Say I have a PDF file that contains one or more embedded fonts. Here's my understanding of how a single character of text is rendered:
- First, determine which font the character uses.
- Use the font's "cmap," embedded in the PDF, to determine the font's glyph name for the given character. For example, the character '&' in PDF text might map to a glyph that the font internally calls 'ampersand'.
- Use the font's "glyf" table to determine the bounding box / drawing instructions for the glyph name.
Here's my question: is a PDF cmap generally consistent? Put another way, if I encounter the character "&" in a PDF, can I be assured that the cmap will always map "&" to the ampersand glyph?

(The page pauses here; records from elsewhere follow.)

(* Let $S=(P,L)$ be a finite $(2,t)$-generalized quadrangle and let $(R,\psi)$ be a faithful representation of $S$, with $\psi(x)=\langle r_x\rangle$ and $R_\psi=\{r_x:x\in P\}$. Assume that $(t,|R|)\neq(2,2^4)$. If $x,y\in P$ are distinct and $r_xr_y\in R_\psi$, then $x$ and $y$ are collinear.
   Context: A $(2,t)$-generalized quadrangle is a partial linear space in which every line has exactly $3$ points, every point lies on exactly $t+1$ lines, no point is collinear with all points, and for every point $x$ and line $\ell$ with $x\notin\ell$, $x$ is collinear with exactly one point of $\ell$. A representation $(R,\psi)$ of $S$ is a group $R$ with a map $\psi$ assigning to each point $x$ a subgroup $\psi(x)=\langle r_x\rangle$ of order $2$, such that $R$ is generated by the $r_x$ and, for every line $\{x,y,z\}$, $\{1,r_x,r_y,r_z\}$ is a Klein four subgroup. It is faithful if $\psi$ is injective. *)

From mathcomp Require Import all_boot.
Set Implicit Arguments. Unset Strict Implicit. Unset Printing Implicit Defensive.

Section Geometry.
Variable P : finType.
Variable Lines : {set {set P}}.

(* x and y are collinear: some line contains both (reflexive on points lying
   on a line). *)
Definition collinear (x y : P) : bool :=
  [exists l in Lines, (x \in l) && (y \in l)].

Definition is_GQ2t (t : nat) : Prop :=
  (forall l1 l2, l1 \in Lines -> l2 \in Lines -> forall x y, x != y ->
      x \in l1 -> y \in l1 -> x \in l2 -> y \in l2 -> l1 = l2) /\
  (forall l, l \in Lines -> #|l| = 3) /\
  (forall x, #|[set l in Lines | x \in l]| = t.+1) /\
  (forall x, exists y, ~~ collinear x y) /\
  (forall x l, l \in Lines -> x \notin l -> #|[set y in l | collinear x y]| = 1).
End Geometry.

Section Groups.
Variables (G : Type) (mul : G -> G -> G) (e : G) (inv : G -> G).

Definition is_group : Prop :=
  (forall a b c, mul a (mul b c) = mul (mul a b) c) /\
  (forall a, mul e a = a) /\
  (forall a, mul (inv a) a = e).

Inductive generated {I : Type} (r : I -> G) : G -> Prop :=
  | gen_one : generated r e
  | gen_gen i : generated r (r i)
  | gen_mul a b : generated r a -> generated r b -> generated r (mul a b)
  | gen_inv a : generated r a -> generated r (inv a).

Definition order_two (a : G) : Prop := a <> e /\ mul a a = e.

Definition klein_four (a b c : G) : Prop :=
  let S := fun g => g = e \/ g = a \/ g = b \/ g = c in
  [/\ [/\ a <> e, b <> e, c <> e & [/\ a <> b, a <> c & b <> c]],
      (forall g h, S g -> S h -> S (mul g h)),
      (forall g, S g -> S (inv g)) &
      (forall g, S g -> mul g g = e)].

Definition has_card (n : nat) : Prop := exists f : G -> 'I_n, bijective f.
End Groups.

(* Representation (R, psi) of the geometry with psi(x) = <r x>. The group R is
   the whole carrier G (which must be generated by the r x). *)
Definition is_representation (P : finType) (Lines : {set {set P}})
  (G : Type) (mul : G -> G -> G) (e : G) (inv : G -> G) (r : P -> G) : Prop :=
  [/\ is_group mul e inv,
      (forall x, order_two mul e (r x)),
      (forall g, generated mul e inv r g) &
      (forall l, l \in Lines -> forall x y z, x \in l -> y \in l -> z \in l ->
         x != y -> y != z -> x != z -> klein_four mul e inv (r x) (r y) (r z))].

(* faithful: psi injective, i.e. x |-> <r x> injective, i.e. r injective *)
Definition is_faithful (P : finType) (G : Type) (r : P -> G) : Prop :=
  injective r.

From mathcomp Require Import all_boot.
From Stdlib Require Import ClassicalEpsilon.

(* Suppose x and y are not collinear and r_x r_y = r_z.  Since the product of
   two collinear points is the third point of their line, the GQ axiom shows
   that z is collinear with neither x nor y but with every point of the trace
   {x, y}^perp, that a point collinear with none of x, y, z is collinear with
   the whole trace, and that the trace is closed under products.  A point u of
   the trace sees the pairwise non-collinear x, y, z on three distinct lines,
   so t >= 2; a fourth line through u would carry two points collinear with a
   second point of the trace, a triangle, so t = 2.  Then the trace consists of
   u1, u2 and the point u3 with r_u3 = r_u1 r_u2, and every point is collinear
   with x, y or z.  Hence every r_p, and so R, lies in the group generated by
   the commuting involutions r_x, r_y, r_u1, r_u2, whose nontrivial
   subproducts are never 1: |R| = 16. *)

Set Implicit Arguments.
Unset Strict Implicit.
Unset Printing Implicit Defensive.

Definition pairop (A B : Type) (opA : A -> A -> A) (opB : B -> B -> B)
  (p q : A * B) : A * B :=
  (opA p.1 q.1, opB p.2 q.2).

(* [quad] indexes the 16 subproducts of four commuting involutions, [xor4]
   being the corresponding group law. *)
Definition quad := ((bool * bool) * (bool * bool))%type.
Definition xor2 := pairop addb addb.
Definition xor4 := pairop xor2 xor2.
Definition quad0 : quad := ((false, false), (false, false)).

Lemma xor4_eq0 (q q' : quad) : xor4 q q' = quad0 -> q = q'.
Proof. by move: q q' => [[[] []] [[] []]] [[[] []] [[] []]]. Qed.

Lemma xor4xx (q : quad) : xor4 q q = quad0.
Proof. by move: q => [[[] []] [[] []]]. Qed.

Lemma card_quad : #|{: quad}| = 16.
Proof. by rewrite !card_prod card_bool. Qed.

(* [G] is an arbitrary type, with no choice structure, so the group theory of
   [monoid] does not apply to it: we derive the few laws we need. *)
Section GroupLaws.
Variables (G : Type) (mul : G -> G -> G) (e : G) (inv : G -> G).
Hypothesis group_G : is_group mul e inv.
Local Notation "a * b" := (mul a b).

Lemma mulgA : associative mul. Proof. by case: group_G. Qed.
Lemma mul1g : left_id e mul. Proof. by case: group_G => _ []. Qed.
Lemma mulVg a : inv a * a = e. Proof. by case: group_G => _ []. Qed.

Lemma mulgV a : a * inv a = e.
Proof.
by rewrite -[a * _]mul1g -(mulVg (inv a)) -mulgA (mulgA (inv a)) mulVg mul1g.
Qed.

Lemma mulg1 : right_id e mul.
Proof. by move=> a; rewrite -(mulVg a) mulgA mulgV mul1g. Qed.

Lemma mulgI a : injective (mul a).
Proof.
by move=> b c eq_ab_ac; rewrite -[b]mul1g -(mulVg a) -mulgA eq_ab_ac mulgA mulVg mul1g.
Qed.

Lemma mulIg a : injective (mul^~ a).
Proof.
by move=> b c eq_ba_ca; rewrite -[b]mulg1 -(mulgV a) mulgA eq_ba_ca -mulgA mulgV mulg1.
Qed.

Lemma inv_involution a : a * a = e -> inv a = a.
Proof. by move=> aa; apply: (@mulIg a); rewrite mulVg aa. Qed.

Lemma involution_products a b c : a * a = e -> b * b = e -> c * c = e ->
  a * b = c -> [/\ b * a = c, a * c = b, c * a = b, b * c = a & c * b = a].
Proof.
move=> aa bb cc ab_c.
have ac_b : a * c = b by rewrite -ab_c mulgA aa mul1g.
have cb_a : c * b = a by rewrite -ab_c -mulgA bb mulg1.
have ba_c : b * a = c by apply: (@mulgI c); rewrite -{1}ab_c -mulgA (mulgA b) bb mul1g aa.
by split=> //; [rewrite -ba_c -mulgA aa mulg1 | rewrite -ba_c mulgA bb mul1g].
Qed.

Definition commuting a b := a * b = b * a.

Lemma commuting_sym a b : commuting a b -> commuting b a.
Proof. by []. Qed.

Lemma commutingMl a b c : commuting a c -> commuting b c -> commuting (a * b) c.
Proof. by move=> ac bc; rewrite /commuting -mulgA bc mulgA ac -mulgA. Qed.

Lemma mulgACA a b c d : commuting b c -> (a * b) * (c * d) = (a * c) * (b * d).
Proof. by move=> bc; rewrite -mulgA (mulgA b) bc -mulgA !mulgA. Qed.

Definition powb a (b : bool) := if b then a else e.

Lemma powbD a : a * a = e -> {morph powb a : b b' / b (+) b' >-> b * b'}.
Proof. by move=> aa [] [] /=; rewrite ?mulg1 ?mul1g. Qed.

Lemma commuting_powb a a' b b' : commuting a a' -> commuting (powb a b) (powb a' b').
Proof. by case: b; case: b' => //= _; rewrite /commuting mulg1 mul1g. Qed.

Definition prodf (A B : Type) (f : A -> G) (g : B -> G) (p : A * B) := f p.1 * g p.2.

Lemma prodfM (A B : Type) (opA : A -> A -> A) (opB : B -> B -> B) f g :
  {morph f : p p' / opA p p' >-> p * p'} -> {morph g : q q' / opB q q' >-> q * q'} ->
  (forall p q, commuting (g q) (f p)) ->
  {morph prodf f g : pq pq' / pairop opA opB pq pq' >-> pq * pq'}.
Proof. by move=> fM gM fg [p q] [p' q']; rewrite /prodf /= mulgACA // fM gM. Qed.

Lemma xor4_morph_inj (f : quad -> G) : {morph f : q q' / xor4 q q' >-> q * q'} ->
  (forall q, f q = e -> q = quad0) -> injective f.
Proof.
move=> fM ker1 q q' eq_f; apply/xor4_eq0/ker1.
have f0 : f quad0 = e.
  by apply: (@mulgI (f quad0)); rewrite -fM xor4xx mulg1.
by rewrite fM eq_f -fM xor4xx.
Qed.

Section ElementaryAbelian.
Variables a b c d : G.
Hypotheses (aa : a * a = e) (bb : b * b = e) (cc : c * c = e) (dd : d * d = e).
Hypotheses (ab : commuting a b) (ac : commuting a c) (ad : commuting a d)
  (bc : commuting b c) (bd : commuting b d) (cd : commuting c d).

Definition pair_prod x y : bool * bool -> G := prodf (powb x) (powb y).
Definition span4 : quad -> G := prodf (pair_prod a b) (pair_prod c d).

Lemma span4M : {morph span4 : q q' / xor4 q q' >-> q * q'}.
Proof.
apply: prodfM; try apply: prodfM; try apply: powbD => //.
- by move=> *; apply/commuting_powb/commuting_sym.
- by move=> *; apply/commuting_powb/commuting_sym.
move=> [p1 p2] [q1 q2]; rewrite /commuting /pair_prod /prodf /=.
by apply: commutingMl; apply/commuting_sym/commutingMl; apply: commuting_powb.
Qed.

Lemma span4_0 : span4 quad0 = e.
Proof. by rewrite /span4 /pair_prod /prodf /= !mulg1. Qed.

End ElementaryAbelian.
End GroupLaws.

Lemma has_card_bijection (G : Type) (T : finType) (f : T -> G) :
  injective f -> (forall g, exists q, g = f q) -> has_card G #|T|.
Proof.
move=> f_inj f_surj.
pose f_inv g := proj1_sig (constructive_indefinite_description _ (f_surj g)).
have f_invK g : g = f (f_inv g) by rewrite /f_inv; case: constructive_indefinite_description.
exists (fun g => enum_rank (f_inv g)), (fun i => f (enum_val i)) => [g | i].
  by rewrite enum_rankK -f_invK.
by rewrite -[in RHS](enum_valK i); congr enum_rank; apply/f_inj; rewrite -f_invK.
Qed.

Section GeneralizedQuadrangle.
Variables (P : finType) (Lines : {set {set P}}) (t : nat).
Hypothesis gq : is_GQ2t Lines t.
Local Notation col := (collinear Lines).

Definition pencil (c : P) := [set l in Lines | c \in l].
Definition trace (x y : P) := [set u | col x u & col y u].

Lemma traceP x y u : reflect (col x u /\ col y u) (u \in trace x y).
Proof. by rewrite inE; apply: andP. Qed.

Lemma traceC x y : trace x y = trace y x.
Proof. by apply/setP => v; rewrite !inE andbC. Qed.

Lemma line_uniq l l' x y : l \in Lines -> l' \in Lines -> x != y ->
  x \in l -> y \in l -> x \in l' -> y \in l' -> l = l'.
Proof. by move=> l_line l'_line xy; case: gq => uniq_l _; apply: uniq_l. Qed.

Lemma card_line l : l \in Lines -> #|l| = 3.
Proof. by case: gq => _ [card_l _]; apply: card_l. Qed.

Lemma card_pencil c : #|pencil c| = t.+1.
Proof. by case: gq => _ [_ [card_p _]]; apply: card_p. Qed.

Lemma collinearP x y :
  reflect (exists l, [/\ l \in Lines, x \in l & y \in l]) (col x y).
Proof.
apply: (iffP existsP) => [[l /and3P [] ] | [l [? ? ?]]]; first by exists l.
by exists l; apply/and3P.
Qed.

Lemma line_collinear l x y : l \in Lines -> x \in l -> y \in l -> col x y.
Proof. by move=> *; apply/collinearP; exists l. Qed.

Lemma collinearC x y : col x y = col y x.
Proof. by apply/collinearP/collinearP => -[l [? ? ?]]; exists l. Qed.

Lemma collinear_refl x : col x x.
Proof.
have /card_gt0P [l] : 0 < #|pencil x| by rewrite card_pencil.
by rewrite inE => /andP [l_line x_l]; apply: (line_collinear l_line).
Qed.

Lemma gq_collinear_uniq x l a b : l \in Lines -> x \notin l ->
  a \in l -> b \in l -> col x a -> col x b -> a = b.
Proof.
case: gq => _ [_ [_ [_ gq_ax]]] l_line x_l a_l b_l xa xb.
have /eqP /cards1P [y def_y] := gq_ax x l l_line x_l.
have : a \in [set y in l | col x y] by rewrite inE a_l xa.
have : b \in [set y in l | col x y] by rewrite inE b_l xb.
by rewrite def_y !inE => /eqP -> /eqP ->.
Qed.

Lemma gq_collinear_exists x l : l \in Lines -> x \notin l ->
  exists2 y, y \in l & col x y.
Proof.
case: gq => _ [_ [_ [_ gq_ax]]] l_line x_l.
have /card_gt0P [y] : 0 < #|[set y in l | col x y]| by rewrite gq_ax.
by rewrite inE => /andP [y_l xy]; exists y.
Qed.

Lemma notin_line x l p : l \in Lines -> p \in l -> ~~ col x p -> x \notin l.
Proof. by move=> l_line p_l; apply: contra => x_l; apply: (line_collinear l_line). Qed.

Lemma line_third_point l p q : l \in Lines -> p \in l -> q \in l -> p != q ->
  exists w, [/\ w \in l, w != p & w != q].
Proof.
move=> l_line p_l q_l pq.
have /card_gt0P [w] : 0 < #|l :\ p :\ q|.
  move: (card_line l_line); rewrite (cardsD1 p) p_l (cardsD1 q) !inE eq_sym pq q_l.
  by case; rewrite add0n => ->.
by rewrite !inE => /and3P [wq wp w_l]; exists w.
Qed.

Lemma line_other_points l c : l \in Lines -> c \in l ->
  exists p w, [/\ p \in l, w \in l, p != c, w != c & p != w].
Proof.
move=> l_line c_l; move: (card_line l_line).
rewrite (cardsD1 c) c_l add1n => -[] /eqP /cards2P [p [w [pw def_l]]].
have : (p \in l :\ c) && (w \in l :\ c) by rewrite def_l !inE !eqxx orbT.
by rewrite !inE => /andP [/andP [pc p_l] /andP [wc w_l]]; exists p, w.
Qed.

Or does some PDF-generation software create its own arbitrary mapping between character codes and glyph names (which would be rather evil and possibly break in-PDF searching and text selection)?
Of course I realize it's possible for the cmap to use an unintuitive mapping -- I guess I'm asking, does this actually happen in the Real World?
My specific use-case is in the world of music fonts. I'm analyzing characters in a PDF to determine which music glyph each one represents (e.g., treble clef, notehead, etc.). I want to know how confident I can be that the combination of font name and character code will always result in the same glyph. For example, if I know the font name is "Opus" and the glyph is "#", can I assume that will always be mapped to the treble clef glyph? Or do I have to analyze the glyph's metrics to make sure it's actually a treble clef?